Updated on February 03, 2020

Comments

Steve over 4 years
I want a rounding method on double values in C#. It needs to be able to round a double value to any rounding precision value. My code on hand looks like:
```
public static double RoundI(double number, double roundingInterval) {

    if (roundingInterval == 0.0)
    {
        return;
    }

    double intv = Math.Abs(roundingInterval);
    double sign = Math.Sign(number);
    double val = Math.Abs(number);

    double valIntvRatio = val / intv;
    double k = Math.Floor(valIntvRatio);
    double m = valIntvRatio - k;

    bool mGreaterThanMidPoint = ((m - 0.5) >= 1e-14) ? true : false;
    bool mInMidpoint = (Math.Abs(m - 0.5) < 1e-14) ? true : false;
    return (mGreaterThanMidPoint || mInMidpoint) ? sign * ((k + 1) * intv) : sign * (k * intv);
}
```
So RoundI(100, 3) should give 99 and RoundI(1.2345, 0.001) should give 1.235.

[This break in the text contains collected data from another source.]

(* Let $N\in\mathbb Z$, let $q_0,\dots,q_{T-1}\in\mathbb Z$, and let $Q_0,\dots,Q_{T-1}\in\mathbb Q$ satisfy $Q_i-Q_j\notin\mathbb Z$ for all $i\neq j$. Then the diagonal map $f\mapsto(f,\dots,f)$ induces an isomorphism of vector spaces $$\mathbb C[z,z^{-1}]\Big/\bigcap_{s=0}^{T-1}O(N,Q_s,q_s;z)\ \xrightarrow{\ \sim\ }\ \bigoplus_{s=0}^{T-1}\mathbb C[z,z^{-1}]/O(N,Q_s,q_s;z).$$
   Context: $T$ is a positive integer. For $N,q\in\mathbb Z$ and $Q\in\mathbb Q$, $O(N,Q,q;z)$ is the subspace of $\mathbb C[z,z^{-1}]$ spanned by the monomials $z^i$ with $i\ge N+1$ together with the Laurent polynomials $\sum_{i=0}^{N-q-j}\binom Qi z^{i+q+j}$ for $j=0,-1,-2,\dots$. *)

(* Laurent polynomials C[z,z^-1] are represented by their
   coefficient functions int -> algC (with finite support). *)
From HB Require Import structures.
From mathcomp Require Import all_boot all_order all_algebra all_field.
Set Implicit Arguments. Unset Strict Implicit. Unset Printing Implicit Defensive.
Import Order.TTheory GRing.Theory Num.Theory.
Local Open Scope ring_scope.

Definition laurent := int -> algC.

Definition is_laurent (f : laurent) : Prop :=
  exists M : nat, forall e : int, (M < `|e|)%N -> f e = 0.

Definition mono (i : int) : laurent := fun e => if e == i then 1 else 0.

Definition binomQ (Q : rat) (i : nat) : algC :=
  ratr ((\prod_(k < i) (Q - k%:R)) / (i`!)%:R).
Theorem lemma2 (R : realType) (d : measure_display) (T : measurableType d)
  (mu : {measure set T -> \bar R}) (U : set T)
  (mU : measurable U) (hU : (0 < mu U)%E)
  (beta gamma : R) (hb : beta != 0) (hg : gamma != 0) (hbg : beta < gamma) :
  (* (i) *)
  (forall g : T -> R, measurable_fun U g ->
     (exists M : R, forall u, U u -> M <= g u) ->
     (\int[mu]_(x in U) (expR (beta * g x))%:E < +oo)%E ->
     (\int[mu]_(x in U) (expR (- (gamma - beta) * g x))%:E < +oo)%E ->
     let a := 1 - gamma / (gamma - beta) in
     let obj := fun rho : T -> R =>
       ((gamma^-1)%:E * lne (\int[mu]_(x in U) (expR (gamma * g x) * rho x)%:E)
        - ((gamma - beta)^-1)%:E * renyi mu U a rho)%E in
     let rhostar := fun u => expR (- (gamma - beta) * g u) /
        fine (\int[mu]_(x in U) (expR (- (gamma - beta) * g x))%:E) in
     ((beta^-1)%:E * lne (\int[mu]_(x in U) (expR (beta * g x))%:E)
        = ereal_inf [set obj rho | rho in Lalpha mu U a])%E
     /\ Lalpha mu U a rhostar
     /\ obj rhostar = ereal_inf [set obj rho | rho in Lalpha mu U a]
     /\ (forall rho, Lalpha mu U a rho ->
           obj rho = ereal_inf [set obj rho | rho in Lalpha mu U a] ->
           {ae mu, forall u, U u -> rho u = rhostar u}))
  /\
  (* (ii) *)
  (forall h : T -> R, measurable_fun U h ->
     (exists M : R, forall u, U u -> h u <= M) ->
     (\int[mu]_(x in U) (expR (gamma * h x))%:E < +oo)%E ->
     (\int[mu]_(x in U) (expR ((gamma - beta) * h x))%:E < +oo)%E ->
     let a := gamma / (gamma - beta) in
     let obj := fun rho : T -> R =>
       ((beta^-1)%:E * lne (\int[mu]_(x in U) (expR (beta * h x) * rho x)%:E)
        + ((gamma - beta)^-1)%:E * renyi mu U a rho)%E in
     let rhostar := fun u => expR ((gamma - beta) * h u) /
        fine (\int[mu]_(x in U) (expR ((gamma - beta) * h x))%:E) in
     ((gamma^-1)%:E * lne (\int[mu]_(x in U) (expR (gamma * h x))%:E)
        = ereal_sup [set obj rho | rho in Lalpha mu U a])%E
     /\ Lalpha mu U a rhostar
     /\ obj rhostar = ereal_sup [set obj rho | rho in Lalpha mu U a]
     /\ (forall rho, Lalpha mu U a rho ->
           obj rho = ereal_sup [set obj rho | rho in Lalpha mu U a] ->
           {ae mu, forall u, U u -> rho u = rhostar u})).
Proof.
split=> [g mg _|h mh _].
- exact: renyi_variational_inf.
- exact: renyi_variational_sup.
Qed.
Lemma weakly_converges_of_weak_cv_at : (forall z, weak_cv_at w z) ->
  exists y, weakly_converges w y.
Proof.
  intro Hw.
  set (f z := epsilon (inhabits 0) (fun l => Un_cv (fun n => ip (w n) z) l)).
  assert (Hf : forall z, Un_cv (fun n => ip (w n) z) (f z))
    by (intro z; apply epsilon_spec, Hw).
  destruct (riesz_representation (fun _ => True) f B) as [y [_ Hy]].
  - intros u l _ _. exact I.
  - repeat split.
  - intros a b _ _. apply (UL_sequence (fun n => ip (w n) (hadd X a b))); [apply Hf |].
    apply Un_cv_ext with (fun n => ip (w n) a + ip (w n) b);
      [intro; symmetry; apply hinner_addr | apply CV_plus; apply Hf].
  - intros s a _. apply (UL_sequence (fun n => ip (w n) (hscal X s a))); [apply Hf |].
    apply Un_cv_ext with (fun n => s * ip (w n) a);
      [intro; symmetry; apply hinner_scalr | apply CV_mult; [apply Un_cv_const | apply Hf]].
  - intros a _. apply (Un_cv_le_ub (fun n => Rabs (ip (w n) a))); [| apply cv_cvabs, Hf].
    intro n. eapply Rle_trans; [apply Rabs_hinner_le |].
    apply Rmult_le_compat_r; [apply hnorm_ge0 | apply w_bounded].
  - exists y. intro z. rewrite Hy by exact I. apply Hf.
Qed.

End WeakCompactness.

Lemma weak_compact {X : HilbertSpace} (u : nat -> X) (B : R) :
  (forall n, hnorm (u n) <= B) ->
  exists f y, strict_incr f /\ weakly_converges (fun n => u (f n)) y.
Proof.
  intro HB.
  destruct (diagonal_cv_subseq (fun k n => hinner X (u n) (u k)) (fun k => B * hnorm (u k)))
    as [d [Hd Hdk]].
  { intros k n. eapply Rle_trans; [apply Rabs_hinner_le |].
    apply Rmult_le_compat_r; [apply hnorm_ge0 | apply HB]. }
  assert (Hw : forall n, hnorm (u (d n)) <= B) by (intro; apply HB).
  destruct (weakly_converges_of_weak_cv_at (fun n => u (d n)) B Hw) as [y Hy].
  { apply (weak_cv_at_everywhere _ B Hw). intro k. apply Hdk. }
  exists d, y. split; assumption.
Qed.

Section ClusterPoints.
Context {X : HilbertSpace}.
Local Notation ip := (hinner X).

Lemma weak_cluster_point_subseq (u : nat -> X) (f : nat -> nat) (y : X) :
  strict_incr f -> weak_cluster_point (fun n => u (f n)) y -> weak_cluster_point u y.
Proof.
  intros Hf [phi [Hphi Hy]]. exists (fun n => f (phi n)).
  split; [apply strict_incr_comp |]; assumption.
Qed.

Lemma weak_cluster_point_eq (u : nat -> X) (y1 y2 : X) :
  weak_cluster_point u y1 -> weak_cluster_point u y2 ->
  (exists L, Un_cv (fun n => ip (u n) (hsub y1 y2)) L) -> y1 = y2.
Proof.
  intros [f1 [Hf1 Hy1]] [f2 [Hf2 Hy2]] [L HL].
  assert (L1 : L = ip y1 (hsub y1 y2))
    by (apply (UL_sequence (fun n => ip (u (f1 n)) (hsub y1 y2)));
        [apply (Un_cv_subseq (fun n => ip (u n) _)); assumption | apply Hy1]).
  assert (L2 : L = ip y2 (hsub y1 y2))
    by (apply (UL_sequence (fun n => ip (u (f2 n)) (hsub y1 y2)));
        [apply (Un_cv_subseq (fun n => ip (u n) _)); assumption | apply Hy2]).
  apply hsub_sq_eq0. rewrite hinner_subl, <- L1, <- L2. ring.
Qed.

(* If [u] did not converge weakly to its cluster point [y], some [<u n, z>]
   would stay [eps]-away from [<y, z>] along a subsequence, whose own weak
   cluster point would then differ from [y]. *)
Lemma weakly_converges_of_unique_cluster_point (u : nat -> X) (B : R) :
  (forall n, hnorm (u n) <= B) ->
  (forall y1 y2, weak_cluster_point u y1 -> weak_cluster_point u y2 -> y1 = y2) ->
  exists y, weak_cluster_point u y /\ weakly_converges u y.
Proof.
  intros HB Hunique.
  destruct (weak_compact u B HB) as [f [y [Hf Hy]]].
  assert (Cy : weak_cluster_point u y) by (exists f; split; assumption).
  exists y. split; [exact Cy |].
  intro z. apply NNPP. intro Hncv.
  apply not_all_ex_not in Hncv as [eps Heps].
  apply imply_to_and in Heps as [Heps Hfar].
  destruct (strict_incr_extract (fun _ n => ~ Rdist (ip (u n) z) (ip y z) < eps))
    as [psi [Hpsi Ppsi]].
  { intros _ N0. apply not_ex_all_not with (n := N0) in Hfar.
    apply not_all_ex_not in Hfar as [n Hn]. apply imply_to_and in Hn. eauto. }
  destruct (weak_compact (fun n => u (psi n)) B (fun n => HB (psi n)))
    as [g [y' [Hg Hy']]].
  assert (Cy' : weak_cluster_point u y')
    by (apply (weak_cluster_point_subseq u psi); [| exists g; split]; assumption).
  rewrite <- (Hunique y y' Cy Cy') in Hy'.
  destruct (Hy' z eps Heps) as [N0 HN0].
  apply (Ppsi (g N0)). apply HN0. lia.
Qed.

End ClusterPoints.

Section Fejer.
Context {X : HilbertSpace}.
Local Notation ip := (hinner X).
Local Notation sq x := (hinner X x x).

Variables (x : nat -> X) (C : X -> Prop).
Hypothesis x_fejer : fejer_monotone x C.

Lemma fejer_monotone_dist_le (c : X) : C c ->
  forall n, hnorm (hsub (x n) c) <= hnorm (hsub (x 0%nat) c).
Proof.
  intros Cc n. induction n as [| n IHn]; [lra |].
  eapply Rle_trans; [apply x_fejer |]; assumption.
Qed.

Lemma fejer_monotone_sq_dist_cv (c : X) : C c ->
  exists l, Un_cv (fun n => sq (hsub (x n) c)) l.
Proof.
  intro Cc. destruct (decreasing_cv (fun n => sq (hsub (x n) c))) as [l Hl].
  - intro n. apply hnorm_le, x_fejer, Cc.
  - exists 0. intros r [n ->]. unfold opp_seq. pose proof (hinner_pos X (hsub (x n) c)). lra.
  - exists l. exact Hl.
Qed.

Lemma fejer_monotone_hinner_cv (c1 c2 : X) : C c1 -> C c2 ->
  exists L, Un_cv (fun n => ip (x n) (hsub c1 c2)) L.
Proof.
  intros C1 C2.
  destruct (fejer_monotone_sq_dist_cv c1 C1) as [l1 H1].
  destruct (fejer_monotone_sq_dist_cv c2 C2) as [l2 H2].
  exists (/ 2 * (l2 - l1 + (sq c1 - sq c2))).
  apply Un_cv_ext with
    (fun n => / 2 * (sq (hsub (x n) c2) - sq (hsub (x n) c1) + (sq c1 - sq c2))).
  - intro n. hinner_expand. rewrite (hinner_sym X c1 (x n)), (hinner_sym X c2 (x n)). field.
  - apply CV_mult; [apply Un_cv_const |].
    apply CV_plus; [apply CV_minus; assumption | apply Un_cv_const].
Qed.

End Fejer.

Theorem lemma2p1 (X : HilbertSpace) (A C : X -> Prop) (x : nat -> X) :
  hclosed A -> linear_subspace A ->
  (exists c, C c) -> hclosed C -> hconvex C ->
  (forall c, C c -> A c) ->
  fejer_monotone x C ->
  (forall y, weak_cluster_point (fun n => proj A (x n)) y -> C y) ->
  exists y, C y /\ weakly_converges (fun n => proj A (x n)) y.
Proof.
  intros A_closed A_subspace [c0 Cc0] _ _ CA x_fejer Hcluster.
  set (p n := proj A (x n)).
  assert (p_bounded : forall n, hnorm (p n) <= hnorm (hsub (x 0%nat) c0) + hnorm c0).
  { intro n. eapply Rle_trans; [apply (hnorm_le_add_sub _ c0) |].
    apply Rplus_le_compat_r. eapply Rle_trans; [apply proj_dist_le; auto |].
    apply (fejer_monotone_dist_le x C); assumption. }
  destruct (weakly_converges_of_unique_cluster_point p _ p_bounded) as [y [Hy Hcv]].
  - intros y1 y2 H1 H2. apply (weak_cluster_point_eq p); [assumption | assumption |].
    destruct (fejer_monotone_hinner_cv x C x_fejer y1 y2 (Hcluster y1 H1) (Hcluster y2 H2))
      as [L HL].
    exists L. apply Un_cv_ext with (fun n => hinner X (x n) (hsub y1 y2)); [| exact HL].
    intro n. symmetry. apply proj_spec; [assumption | assumption |].
    apply linear_subspace_sub; auto.
  - exists y. split; [apply Hcluster |]; assumption.
Qed.
Theorem proposition1p4 (d : measure_display) (T : measurableType d)
  (R : realType) (mu : {measure set T -> \bar R}) (nu : set T -> \bar R)
  (C : set T) :
  sigma_finite setT mu ->
  (* C measurable; mu_c := mu restricted to C has no atoms *)
  measurable C ->
  (forall A, ~ is_atom (fun B => mu (B `&` C)) A) ->
  (* mu_a := mu restricted to ~C is purely atomic: concentrated on a
     countable family of its atoms *)
  (exists (I : set nat) (At : nat -> set T),
     (forall n, I n -> is_atom (fun B => mu (B `&` ~` C)) (At n)) /\
     mu ((~` \bigcup_(n in I) At n) `&` ~` C) = 0) ->
  sigma_finite_signed_measure nu ->
  condition_L mu nu ->
  (* d(nu|_C)/d(mu_c) exists and is mu_c-a.e. equal to a constant *)
  exists (c : R) (f : T -> R),
    [/\ measurable_fun setT f,
        (forall A, measurable A ->
           nu (A `&` C) = \int[mu]_(x in A `&` C) (f x)%:E) &
        {ae mu, forall x, C x -> f x = c}].
Proof.
move=> mu_sfin mC noatom _ [nu0 nu_sigma _ _] nuL.
have [c nuE] := condition_L_proportional (no_atom_split noatom) nuL nu0 nu_sigma.
exists c, (fun _ => c); split; [exact: measurable_cst | move=> A mA | exact: aeW].
rewrite integral_cst; last exact: measurableI.
apply: sigma_finite_proportional => //; first exact: measurableI.
by move=> S mS SAC; apply: nuE => // x /SAC[].
Qed.
Lemma ratio_cvg_in_prob0 : (fun n => b n / a n) @ \oo --> 0 ->
  cvg_in_prob P (fun n w => X n w / Y n w) 0.
Proof.
move=> ba0 eps eps0; apply/nonneg_cvge0P => [n|e e0]; first exact: measure_ge0.
pose C n := [set w | 2^-1 <= `|W n w - 1|].
have e_eps : 0 < e * eps / 4 by rewrite !divr_gt0 ?mulr_gt0.
near=> n.
have ba_le : b n / a n <= e * eps / 4.
  near: n; apply: filterS ((cvgr0Pnorm_le _).1 ba0 _ e_eps) => n.
  by rewrite ger0_norm // divr_ge0 ?b_ge0 // ltW.
have PC : (P (C n) <= (e / 2)%:E)%E.
  near: n; apply: (nonneg_cvge0P _ (fun n => measure_ge0 P (C n))).1.
    by apply: W_cvg1; rewrite invr_gt0.
  by rewrite divr_gt0.
have mC : measurable (C n).
  by apply: measurable_ler_set => //; apply: measurableT_comp => //; apply: measurable_funB.
rewrite -(expectation_indic P (measurable_ratio_ge _ n eps0)).
apply: le_trans.
  apply: (@expectation_le_affine _ _ _ P _ (V n) (\1_(C n))
    0 (2 / eps) 1 (b n / a n) (e / 2)); rewrite ?divr_ge0 ?(ltW eps0) //.
  - exact: measurable_indic (measurable_ratio_ge _ _ eps0).
  - by rewrite EV.
  - by rewrite expectation_indic.
  - move=> w; rewrite add0r mul1r /ratio_ge !indic_boolE subr0.
    rewrite ger0_norm ?divr_ge0 //.
    exact: indic_ratio_ge_le eps0 (X_ge0 n w) (Y_ge0 n w) (a_gt0 n).
rewrite lee_fin add0r mul1r.
have : 2 / eps * (b n / a n) <= 2 / eps * (e * eps / 4).
  by apply: ler_wpM2l => //; rewrite divr_ge0 // ltW.
have -> : 2 / eps * (e * eps / 4) = e / 2 by field; rewrite gt_eqF.
lra.
Unshelve. all: by end_near.
Qed.

Lemma mean_ratio_cvg0 : cvg_in_prob P (fun n w => X n w / Y n w) 0 ->
  (fun n => b n / a n) @ \oo --> 0.
Proof.
move=> XY0; apply/cvgr0Pnorm_le => e e0.
pose eps := e / 3; have eps0 : 0 < eps by rewrite divr_gt0.
pose eta := e / (3 * kappa); have eta0 : 0 < eta by rewrite divr_gt0 ?mulr_gt0.
have mWB1 n : measurable_fun setT (fun w => `|W n w - 1|).
  by apply: measurableT_comp => //; apply: measurable_funB.
near=> n.
have PB : (P (ratio_ge eps n) <= eta%:E)%E.
  by near: n; exact: (nonneg_cvge0P _ (fun n => measure_ge0 P _)).1 (XY0 _ eps0) _ eta0.
have EWB1 : ('E_P[fun w => `|W n w - 1|%R] <= eta%:E)%E.
  near: n.
  apply: (nonneg_cvge0P _ (fun n => expectation_ge0 _ (fun w => normr_ge0 _))).1 => //.
  exact: scheffe_in_prob mW W_ge0 EW W_cvg1.
rewrite ger0_norm ?divr_ge0 ?b_ge0 ?(ltW (a_gt0 n)) // -lee_fin.
rewrite -EV; apply: le_trans.
  apply: (@expectation_le_affine _ _ _ P _ (W n)
    (fun w => `|W n w - 1| + \1_(ratio_ge eps n) w) 0 eps kappa 1 (eta + eta)) => //.
  - exact: measurable_funD (mWB1 n) (measurable_indic (measurable_ratio_ge _ _ eps0)).
  - exact: ltW.
  - exact: ltW.
  - by rewrite EW.
  - have mB : measurable_fun setT (\1_(ratio_ge eps n) : T -> R).
      exact/measurable_indic/measurable_ratio_ge.
    rewrite ge0_expectationD // (expectation_indic P (measurable_ratio_ge _ _ eps0)).
    by rewrite EFinD leeD.
  - move=> w; rewrite add0r /ratio_ge indic_boolE subr0 (ger0_norm (divr_ge0 _ _)) //.
    exact: ler_ratio_split (ltW eps0) (ltW kappa_gt0) (X_ge0 n w) (X_le n w) (Y_ge0 n w)
      (a_gt0 n).
have -> : kappa * (eta + eta) = 2 * e / 3 by rewrite /eta; field; rewrite gt_eqF.
by rewrite lee_fin /eps; lra.
Unshelve. all: by end_near.
Qed.

Lemma variance_ratio_cvg0 tau : 0 < tau ->
  (forall n, tau%:E * 'E_P[Y n] <= 'E_P[X n])%E ->
  cvg_in_qm P W 1 -> cvg_in_prob P (fun n w => X n w / b n) 1 ->
  (fun n => 'V_P[X n] * ((b n) ^- 2)%:E)%E @ \oo --> 0%E.
Proof.
move=> tau0 tau_EXY W_qm Z_cvg1.
have tau_ab n : tau * a n <= b n by move: (tau_EXY n); rewrite EY_fin EX_fin -EFinM lee_fin.
have b_gt0 n : 0 < b n by exact: lt_le_trans (mulr_gt0 tau0 (a_gt0 n)) (tau_ab n).
pose c := kappa / tau; pose Z n w := X n w / b n.
have Z_le n w : Z n w <= c * W n w.
  have -> : c * W n w = kappa * Y n w / (tau * a n).
    by rewrite /c /W; field; rewrite ?gt_eqF ?a_gt0.
  apply: le_trans (_ : kappa * Y n w / b n <= _).
    by rewrite ler_wpM2r ?invr_ge0 ?(ltW (b_gt0 n)).
  by rewrite ler_wpM2l ?mulr_ge0 ?(ltW kappa_gt0) // lef_pV2 ?posrE ?mulr_gt0.
have VZ n : ('V_P[X n] * ((b n) ^- 2)%:E = 'E_P[fun w => ((Z n w - 1) ^+ 2)%R])%E.
  rewrite -exprVn variance_scaleE //; congr ('E_P[_])%E; apply/funext => w.
  by rewrite /Z -/(b n); congr (_ ^+ 2); field; rewrite gt_eqF.
under eq_fun do rewrite VZ.
apply/nonneg_cvge0P => [n|e e0]; first by apply: expectation_ge0 => w; exact: sqr_ge0.
have c2_ge0 : 0 <= c ^+ 2 := sqr_ge0 c.
pose del := Num.min 1 (e / 3); have del0 : 0 < del by rewrite lt_min ltr01 divr_gt0.
pose eta := e / (3 * (4 * c ^+ 2 + 2)).
have eta0 : 0 < eta by rewrite divr_gt0 // mulr_gt0 // ltr_wpDl // mulr_ge0.
have mZ1 n : measurable_fun setT (fun w => Z n w - 1).
  by apply: measurable_funB => //; exact: measurable_funM.
pose A n := [set w | del <= `|Z n w - 1|].
have mA n : measurable (A n).
  by apply: measurable_ler_set => //; exact: measurableT_comp.
near=> n.
have EW2 : ('E_P[fun w => ((W n w - 1) ^+ 2)%R] <= eta%:E)%E.
  near: n; apply: (nonneg_cvge0P _ (fun n => expectation_ge0 _ (fun w => sqr_ge0 _))).1 => //.
have PA : (P (A n) <= eta%:E)%E.
  by near: n; exact: (nonneg_cvge0P _ (fun n => measure_ge0 P (A n))).1 (Z_cvg1 _ del0) _ eta0.
apply: le_trans.
  apply: (@expectation_le_affine _ _ _ P _ (fun w => (W n w - 1) ^+ 2) (\1_(A n))
    (del ^+ 2) (4 * c ^+ 2) (4 * c ^+ 2 + 2) eta eta) => //.
  - exact: measurable_funX.
  - by apply: measurable_funX; apply: measurable_funB.
  - by move=> w; exact: sqr_ge0.
  - by move=> w; exact: sqr_ge0.
  - exact: mulr_ge0.
  - by apply: addr_ge0 => //; exact: mulr_ge0.
  - by rewrite expectation_indic.
  - move=> w; rewrite /A indic_boolE; apply: sqr_sub1_le_split (Z_le n w).
    by rewrite divr_ge0 // ltW.
have del_le : del ^+ 2 <= e / 3.
  apply: le_trans (_ : del <= _); last by rewrite ge_min lexx orbT.
  by rewrite expr2 ler_piMr ?ge_min ?lexx // ltW.
have eta_e : (4 * c ^+ 2 + 2) * eta = e / 3.
  by rewrite /eta; field; rewrite gt_eqF // ltr_wpDl // mulr_ge0.
rewrite mulrDl in eta_e; rewrite lee_fin; lra.
Unshelve. all: by end_near.
Qed.

End ratio_convergence.

Theorem lemma4p2 (d : measure_display) (T : measurableType d) (R : realType)
  (P : probability T R) (X Y : nat -> {RV P >-> R}) (kappa : R) :
  0 < kappa ->
  (forall n w, 0 <= X n w /\ X n w <= kappa * Y n w) ->
  (forall n, (0 < 'E_P[Y n])%E /\ ('E_P[Y n] < +oo)%E) ->
  cvg_in_prob P (fun n w => Y n w / fine ('E_P[Y n])%E) 1 ->
  ( ((fun n => fine ('E_P[X n])%E / fine ('E_P[Y n])%E) @ \oo --> 0)
      <-> cvg_in_prob P (fun n w => X n w / Y n w) 0 )
  /\
  (forall tau : R, 0 < tau ->
     (forall n, (tau%:E * 'E_P[Y n] <= 'E_P[X n])%E) ->
     cvg_in_qm P (fun n w => Y n w / fine ('E_P[Y n])%E) 1 ->
     cvg_in_prob P (fun n w => X n w / fine ('E_P[X n])%E) 1 ->
     (fun n => ('V_P[X n] * ((fine ('E_P[X n])%E) ^- 2)%:E)%E) @ \oo --> 0%E).
Proof.
move=> kappa_gt0 XY_bound EY_gt0_fin W_cvg1; split; first split.
- exact: (ratio_cvg_in_prob0 kappa_gt0 XY_bound EY_gt0_fin W_cvg1).
- exact: (mean_ratio_cvg0 kappa_gt0 XY_bound EY_gt0_fin W_cvg1).
- move=> tau; exact: (variance_ratio_cvg0 kappa_gt0 XY_bound EY_gt0_fin).
Qed.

The problem is, RoundI(1.275, 0.01) returns 1.27, rather than 1.28. This is because when executing double valIntvRatio = val/intv, that is, double valIntvRatio = 1.275 / 0.01, it gives 0.12749999999999. I know this is a problem with double representation in any programming language. My question is, is there a standard code to do things like this, without the need to worry about precision on double? Here I set the tolerant to 1e-14, but this is too restrict for this problem and I don't know what is the correct tolerance to be set. Thank you for any help.